Stop after the line that contains "Definition root_label (T"; until then, restate each line of the entries word for word from the very first.

━━━ Input material

(** Traversal states: a full term whose Boehm tree is wanted, or a part of the
    spine of an already computed head normal form. *)
Inductive bt_state : Type :=
| BFull : term -> bt_state
| BSpine : term -> bt_state.

CoFixpoint bt_go (s : bt_state) : atree :=
  match s with
  | BFull M =>
      match hnf_data M with
      | None => ABot
      | Some (k, H) =>
          match H with
          | Var x => AVar (Some k) x
          | App H1 H2 => AApp (Some k) (bt_go (BSpine H1)) (bt_go (BFull H2))
          | Lam H' => ALam (Some k) (bt_go (BSpine H'))
          end
      end
  | BSpine H =>
      match H with
      | Var x => AVar None x
      | App H1 H2 => AApp None (bt_go (BSpine H1)) (bt_go (BFull H2))
      | Lam H' => ALam None (bt_go (BSpine H'))
      end
  end.

Definition BTc (M : term) : atree := bt_go (BFull M).

(** Positions: 0 = body of abstraction, 1 = function part, 2 = argument. *)
Inductive dir : Type := D0 | D1 | D2.
Definition position := list dir.

Fixpoint subtree_at (T : atree) (p : position) : option atree :=
  match p with
  | [] => Some T
  | d :: p' =>
      match d, T with
      | D0, ALam _ t => subtree_at t p'
      | D1, AApp _ t _ => subtree_at t p'
      | D2, AApp _ _ u => subtree_at u p'
      | _, _ => None
      end
  end.

Inductive label : Type := LBot | LVar (x : nat) | LApp | LLam.

Definition root_label (T : atree) : label :=
  match T with
  | ABot => LBot | AVar _ x => LVar x | AApp _ _ _ => LApp | ALam _ _ => LLam
  end.

Definition root_ann (T : atree) : option nat :=
  match T with
  | ABot => None | AVar a _ => a | AApp a _ _ => a | ALam a _ => a
  end.

Definition ann_le (a b : option nat) : Prop :=
  match a, b with
  | None, None => True
  | Some k1, Some k2 => k1 <= k2
  | _, _ => False
  end.

Definition tree_le (T1 T2 : atree) : Prop :=
  forall p : position,
    match subtree_at T1 p, subtree_at T2 p with
    | None, None => True
    | Some S1, Some S2 => root_label S1 = root_label S2 /\ ann_le (root_ann S1) (root_ann S2)
    | _, _ => False
    end.

(* By Church-Rosser, M =_beta N yields a common reduct Z of M and N, so it suffices that
   N ->>_beta Z implies BT^c(Z) <= BT^c(N): reduction preserves the Boehm tree and can only
   lower its clocks.  If N head-reduces in k steps to
   a head normal form H, then along the reduction N ->> Z, done as parallel steps, each head
   step is either absorbed or matched by a single head step, so Z head-reduces in at most k
   steps to a head normal form that is a reduct of H, hence of the same shape as H.
   Conversely, if Z has a head normal form then so has N, by standardization: a reduction
   to a head normal form can be rearranged to start with weak-head steps. *)

From Stdlib Require Import Arith List Relations ClassicalEpsilon Lia.

Lemma clos_rt_map {A B : Type} (R : relation A) (S : relation B) (f : A -> B) :
  (forall x y, R x y -> S (f x) (f y)) ->
  forall x y, clos_refl_trans A R x y -> clos_refl_trans B S (f x) (f y).
Proof.
  intros Hf x y Hxy; induction Hxy.
  - apply rt_step; auto.
  - apply rt_refl.
  - eapply rt_trans; eauto.
Qed.

Ltac index_cases := repeat (cbn [lift subst pred]; match goal with
 | |- context [?a =? ?b] => destruct (Nat.eqb_spec a b)
 | |- context [?a <=? ?b] => destruct (Nat.leb_spec a b)
 | |- context [?a <? ?b] => destruct (Nat.ltb_spec a b)
 | |- context [match ?n with 0 => _ | S _ => _ end] => destruct n
 end); try lia; try reflexivity; try (f_equal; lia).

Lemma lift_lift t : forall c d, c <= d -> lift (S d) (lift c t) = lift c (lift d t).
Proof.
  induction t; intros c d Hcd; simpl.
  - index_cases.
  - rewrite IHt1, IHt2; auto.
  - rewrite IHt by lia. reflexivity.
Qed.

Lemma subst_lift t : forall n u, subst n u (lift n t) = t.
Proof.
  induction t; intros m u; simpl.
  - index_cases.
  - rewrite IHt1, IHt2; auto.
  - rewrite IHt; auto.
Qed.

Lemma lift_subst_le t : forall c n u, c <= n ->
  lift c (subst n u t) = subst (S n) (lift c u) (lift c t).
Proof.
  induction t; intros c m u Hc; simpl.
  - index_cases.
  - rewrite IHt1, IHt2; auto.
  - rewrite IHt, lift_lift by lia. reflexivity.
Qed.

Lemma lift_subst_ge t : forall c n u, n <= c ->
  lift c (subst n u t) = subst n (lift c u) (lift (S c) t).
Proof.
  induction t; intros c m u Hc; simpl.
  - index_cases.
  - rewrite IHt1, IHt2; auto.
  - rewrite IHt, lift_lift by lia. reflexivity.
Qed.

Lemma subst_subst t : forall i j u v, i <= j ->
  subst j u (subst i v t) = subst i (subst j u v) (subst (S j) (lift i u) t).
Proof.
  induction t; intros i j u v Hij; simpl.
  - index_cases. rewrite subst_lift. reflexivity.
  - rewrite IHt1, IHt2; auto.
  - rewrite IHt, lift_subst_le, lift_lift by lia. reflexivity.
Qed.

(** * Parallel reduction and Church-Rosser *)

Inductive par : term -> term -> Prop :=
| par_var x : par (Var x) (Var x)
| par_app M M' N N' : par M M' -> par N N' -> par (App M N) (App M' N')
| par_lam M M' : par M M' -> par (Lam M) (Lam M')
| par_redex P P' Q Q' : par P P' -> par Q Q' -> par (App (Lam P) Q) (subst 0 Q' P').

Lemma par_refl M : par M M.
Proof. induction M; constructor; auto. Qed.

Lemma par_lift M N : par M N -> forall c, par (lift c M) (lift c N).
Proof.
  induction 1; intros c; simpl.
  - destruct (c <=? x); constructor.
  - constructor; auto.
  - constructor; auto.
  - rewrite lift_subst_ge by lia. constructor; auto.
Qed.

Lemma par_subst M M' : par M M' ->
  forall n u u', par u u' -> par (subst n u M) (subst n u' M').
Proof.
  induction 1; intros n u u' Hu; simpl.
  - index_cases; auto using par_var.
  - constructor; auto.
  - constructor; auto using par_lift.
  - rewrite subst_subst by lia. constructor; auto using par_lift.
Qed.

(* Takahashi's complete development; [par_develop] is its triangle property. *)
Fixpoint develop (t : term) : term :=
  match t with
  | Var x => Var x
  | App (Lam P) Q => subst 0 (develop Q) (develop P)
  | App M N => App (develop M) (develop N)
  | Lam M => Lam (develop M)
  end.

━━━━━━

**Result for this task**:
(** Traversal states: a full term whose Boehm tree is wanted, or a part of the
    spine of an already computed head normal form. *)
Inductive bt_state : Type :=
| BFull : term -> bt_state
| BSpine : term -> bt_state.

CoFixpoint bt_go (s : bt_state) : atree :=
  match s with
  | BFull M =>
      match hnf_data M with
      | None => ABot
      | Some (k, H) =>
          match H with
          | Var x => AVar (Some k) x
          | App H1 H2 => AApp (Some k) (bt_go (BSpine H1)) (bt_go (BFull H2))
          | Lam H' => ALam (Some k) (bt_go (BSpine H'))
          end
      end
  | BSpine H =>
      match H with
      | Var x => AVar None x
      | App H1 H2 => AApp None (bt_go (BSpine H1)) (bt_go (BFull H2))
      | Lam H' => ALam None (bt_go (BSpine H'))
      end
  end.

Definition BTc (M : term) : atree := bt_go (BFull M).

(** Positions: 0 = body of abstraction, 1 = function part, 2 = argument. *)
Inductive dir : Type := D0 | D1 | D2.
Definition position := list dir.

Fixpoint subtree_at (T : atree) (p : position) : option atree :=
  match p with
  | [] => Some T
  | d :: p' =>
      match d, T with
      | D0, ALam _ t => subtree_at t p'
      | D1, AApp _ t _ => subtree_at t p'
      | D2, AApp _ _ u => subtree_at u p'
      | _, _ => None
      end
  end.

Inductive label : Type := LBot | LVar (x : nat) | LApp | LLam.

Definition root_label (T : atree) : label :=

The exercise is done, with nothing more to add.